The second season of the English series debuted on August 18, 2023. As Adam DiMarco could not return to the series due to a scheduling conflict with his higher-profile role in The White Lotus, the role of Andy was recast to be played by Matt Mazur.

==Reception==
John Doyle of The Globe and Mail praised the series as "at times hilarious and at times deeply poignant", writing that "on the evidence of the early episodes, it's a delight."

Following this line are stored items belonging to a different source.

Definition flip_sign (p : bool * word) : bool * word := (~~ p.1, p.2).

Lemma gen_prod_cat s t : gen_prod (s ++ t) = gen_prod s ++ gen_prod t.
Proof. by rewrite /gen_prod map_cat flatten_cat. Qed.

Lemma gen_prod_inv s : gen_prod (map flip_sign (rev s)) = winv (gen_prod s).
Proof.
elim: s => [|p s IH] //=.
rewrite rev_cons -cats1 map_cat gen_prod_cat IH /= winv_cat /gen_prod /= cats0.
by case: p.1; rewrite ?winvK.
Qed.

Section GeneratedSubgroup.
Variables (m : nat) (S : word -> Prop).
Local Notation H := (gen_sub m S).

Lemma gen_sub_veq u v : veq m u v -> H u -> H v.
Proof. by move=> Huv [s [Ss Hu]]; exists s; split; last exact: veq_trans (veq_sym Huv) Hu. Qed.

Lemma gen_sub_nil : H [::].
Proof. by exists [::]; split; last exact: veq_refl. Qed.

Lemma gen_sub_mem x : S x -> valid_word m x -> H x.
Proof.
move=> Sx Vx; exists [:: (false, x)]; split; first by move=> p [<-|].
by rewrite /= cats0; apply: veq_refl.
Qed.

Lemma gen_sub_cat u v : H u -> H v -> H (u ++ v).
Proof.
move=> [s [Ss Hu]] [t [St Hv]]; exists (s ++ t); split.
  by move=> p /List.in_app_iff [/Ss|/St].
rewrite -/(gen_prod _) gen_prod_cat.
apply: (veq_trans (v := gen_prod s ++ v)).
  by have := veq_cong [::] v Hu.
by have := veq_cong (gen_prod s) [::] Hv; rewrite !cats0.
Qed.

The show's cast received ensemble nominations for Best Performance in a Variety or Sketch Comedy Program or Series at the 11th Canadian Screen Awards in 2023, and at the 12th Canadian Screen Awards in 2024.

==Entre deux draps==
Entre deux draps premiered on Noovo in January 2021, as one of the network's first new original scripted programs since its acquisition by Bell Media. The cast includes Pier-Luc Funk and Virginie Ranger-Beauregard as Antoine and Lydia; François Papineau and Bénédicte Décary as Luc and Marie-Ève; Guillaume Girard and Karine Gonthier-Hyndman as Marco and Virginie; Simon Pigeon and Antoine Pilon as Jean-Pascal and Simon; and Fayolle Jean Jr. and Mathieu Pepper as roommates Valère and Thomas. Due to the COVID-19 pandemic in Quebec, the producers primarily cast actors who already lived together as couples or roommates in real life, so that the series could be filmed without violating social distancing restrictions; producer Louis Morissette noted that the casting of roommates Simon Pigeon and Antoine Pilon as the gay couple took place only after the show was unsuccessful in finding a real gay actor couple who were willing to be fully out on camera. Gonthier-Hyndman also later clarified in an interview that she and Girard were no longer still together as a couple.

Florence Pilote, the daughter of actress Mélissa Désormeaux-Poulin, also has a supporting role in the series as the young daughter of Marco and Virginie, and Micheline Bernard and Martin Drainville have supporting roles as Thomas's parents, whom the producers have announced will be given more prominent roles in the second season.

The series was compared in the media to an updated version of the 1990s Quebec television series Un gars, une fille.

In June 2021, at the same time as the English adaptation Pillow Talk was announced, Noovo announced the renewal of Entre deux draps for a second season.

An episode of Entre deux draps was the final program telecasted on Vrak before that channel folded on October 1, 2023.

After 4 seasons, the final episode was aired on November 29, 2023.